YOUR INSTRUCTIONS - This exercise calls for every record to be set down again, exactly and in full.

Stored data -
Lemma H1_weighted_abs_le_integral x : a <= x <= b ->
  ((Num.sqrt (x `^ p) * `|u x|)%:E <=
   \int[mu]_(s in `]x, b[) `|g s * Num.sqrt (s `^ p)|%:E)%E.
Proof.
move=> xab; have /andP[ax _] := xab; have x0 : 0 <= x := le_trans a_ge0 ax.
apply: (@le_trans _ _ ((Num.sqrt (x `^ p))%:E * \int[mu]_(s in `]x, b[) `|g s|%:E)%E).
  by rewrite EFinM lee_wpmul2l ?lee_fin ?sqrtr_ge0// H1_abs_le_integral.
rewrite -ge0_integralZl_EFin ?sqrtr_ge0//; last first.
  by apply/measurable_EFinP/measurableT_comp => //; exact: measurable_deriv_itvoo.
apply: ge0_le_integral_nonmeas => s; rewrite /= in_itv/= => /andP[xs _].
  by rewrite lee_fin mulr_ge0 ?sqrtr_ge0.
rewrite lee_fin normrM (ger0_norm (sqrtr_ge0 _)) mulrC; apply: ler_wpM2l => //.
apply/ler_wsqrtr/ge0_ler_powR; rewrite ?nnegrE//; last exact: ltW.
exact: le_trans x0 (ltW xs).
Qed.

Lemma H1_weighted_sqr_le x : a <= x < b ->
  ((x `^ p * u x ^+ 2)%:E <= (2 * Num.sqrt (b - x))%:E *
   \int[mu]_(s in `]x, b[)
     (g s ^+ 2 * s `^ p * (b - s + (b - x) ^+ 2 / (b - a)) `^ 2^-1)%:E)%E.
Proof.
move=> /andP[ax xb]; set del := (b - x) ^+ 2 / (b - a).
have del0 : 0 < del by rewrite divr_gt0 ?exprn_gt0 ?subr_gt0// (le_lt_trans ax xb).
pose w s := (b + del - s) `^ 2^-1.
have mpow r : measurable_fun `]x, b[ (fun s => (b + del - s) `^ r).
  exact/measurable_funTS/(measurableT_comp (measurable_powR _))/measurable_funB.
rewrite -[x `^ p * _](_ : (Num.sqrt (x `^ p) * `|u x|) ^+ 2 = _); last first.
  by rewrite exprMn sqr_sqrtr ?powR_ge0// real_normK ?num_real.
have -> : (\int[mu]_(s in `]x, b[) (g s ^+ 2 * s `^ p * (b - s + del) `^ 2^-1)%:E =
    \int[mu]_(s in `]x, b[) ((g s * Num.sqrt (s `^ p)) ^+ 2 * w s)%:E)%E.
  by apply: eq_integral => s _; rewrite exprMn sqr_sqrtr ?powR_ge0// /w addrAC.
rewrite muleC; apply: cauchy_schwarz_weighted => //.
- apply: measurable_funM; first exact: measurable_deriv_itvoo.
  apply: measurable_funTS; apply: measurableT_comp (measurable_powR p).
  exact: continuous_measurable_fun (@sqrt_continuous R).
- exact: mpow.
- rewrite (_ : (fun s => (w s)^-1) = fun s => (b + del - s) `^ (- 2^-1)).
    exact: mpow.
  by apply/funext => s; rewrite powRN.
- move=> s; rewrite /= in_itv/= => /andP[_ sb].
  by rewrite powR_gt0// subr_gt0 (lt_le_trans sb)// lerDl ltW.
- by rewrite mulr_gt0// sqrtr_gt0 subr_gt0.
- by rewrite H1_weighted_abs_le_integral// ax ltW.
- under eq_integral do rewrite -powRN.
  exact: integral_itvoo_subr_powRN12_le.
Qed.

OUTPUT FOR THIS EXERCISE -
Lemma H1_weighted_abs_le_integral x : a <= x <= b ->
  ((Num.sqrt (x `^ p) * `|u x|)%:E <=
   \int[mu]_(s in `]x, b[) `|g s * Num.sqrt (s `^ p)|%:E)%E.
Proof.
move=> xab; have /andP[ax _] := xab; have x0 : 0 <= x := le_trans a_ge0 ax.
apply: (@le_trans _ _ ((Num.sqrt (x `^ p))%:E * \int[mu]_(s in `]x, b[) `|g s|%:E)%E).
  by rewrite EFinM lee_wpmul2l ?lee_fin ?sqrtr_ge0// H1_abs_le_integral.
rewrite -ge0_integralZl_EFin ?sqrtr_ge0//; last first.
  by apply/measurable_EFinP/measurableT_comp => //; exact: measurable_deriv_itvoo.
apply: ge0_le_integral_nonmeas => s; rewrite /= in_itv/= => /andP[xs _].
  by rewrite lee_fin mulr_ge0 ?sqrtr_ge0.
rewrite lee_fin normrM (ger0_norm (sqrtr_ge0 _)) mulrC; apply: ler_wpM2l => //.
apply/ler_wsqrtr/ge0_ler_powR; rewrite ?nnegrE//; last exact: ltW.
exact: le_trans x0 (ltW xs).
Qed.

Lemma H1_weighted_sqr_le x : a <= x < b ->
  ((x `^ p * u x ^+ 2)%:E <= (2 * Num.sqrt (b - x))%:E *
   \int[mu]_(s in `]x, b[)
     (g s ^+ 2 * s `^ p * (b - s + (b - x) ^+ 2 / (b - a)) `^ 2^-1)%:E)%E.
Proof.
move=> /andP[ax xb]; set del := (b - x) ^+ 2 / (b - a).
have del0 : 0 < del by rewrite divr_gt0 ?exprn_gt0 ?subr_gt0// (le_lt_trans ax xb).
pose w s := (b + del - s) `^ 2^-1.
have mpow r : measurable_fun `]x, b[ (fun s => (b + del - s) `^ r).
  exact/measurable_funTS/(measurableT_comp (measurable_powR _))/measurable_funB.
rewrite -[x `^ p * _](_ : (Num.sqrt (x `^ p) * `|u x|) ^+ 2 = _); last first.
  by rewrite exprMn sqr_sqrtr ?powR_ge0// real_normK ?num_real.
have -> : (\int[mu]_(s in `]x, b[) (g s ^+ 2 * s `^ p * (b - s + del) `^ 2^-1)%:E =
    \int[mu]_(s in `]x, b[) ((g s * Num.sqrt (s `^ p)) ^+ 2 * w s)%:E)%E.
  by apply: eq_integral => s _; rewrite exprMn sqr_sqrtr ?powR_ge0// /w addrAC.
rewrite muleC; apply: cauchy_schwarz_weighted => //.
- apply: measurable_funM; first exact: measurable_deriv_itvoo.
  apply: measurable_funTS; apply: measurableT_comp (measurable_powR p).
  exact: continuous_measurable_fun (@sqrt_continuous R).
- exact: mpow.
- rewrite (_ : (fun s => (w s)^-1) = fun s => (b + del - s) `^ (- 2^-1)).
    exact: mpow.
  by apply/funext => s; rewrite powRN.
- move=> s; rewrite /= in_itv/= => /andP[_ sb].
  by rewrite powR_gt0// subr_gt0 (lt_le_trans sb)// lerDl ltW.
- by rewrite mulr_gt0// sqrtr_gt0 subr_gt0.
- by rewrite H1_weighted_abs_le_integral// ax ltW.
- under eq_integral do rewrite -powRN.
  exact: integral_itvoo_subr_powRN12_le.
Qed.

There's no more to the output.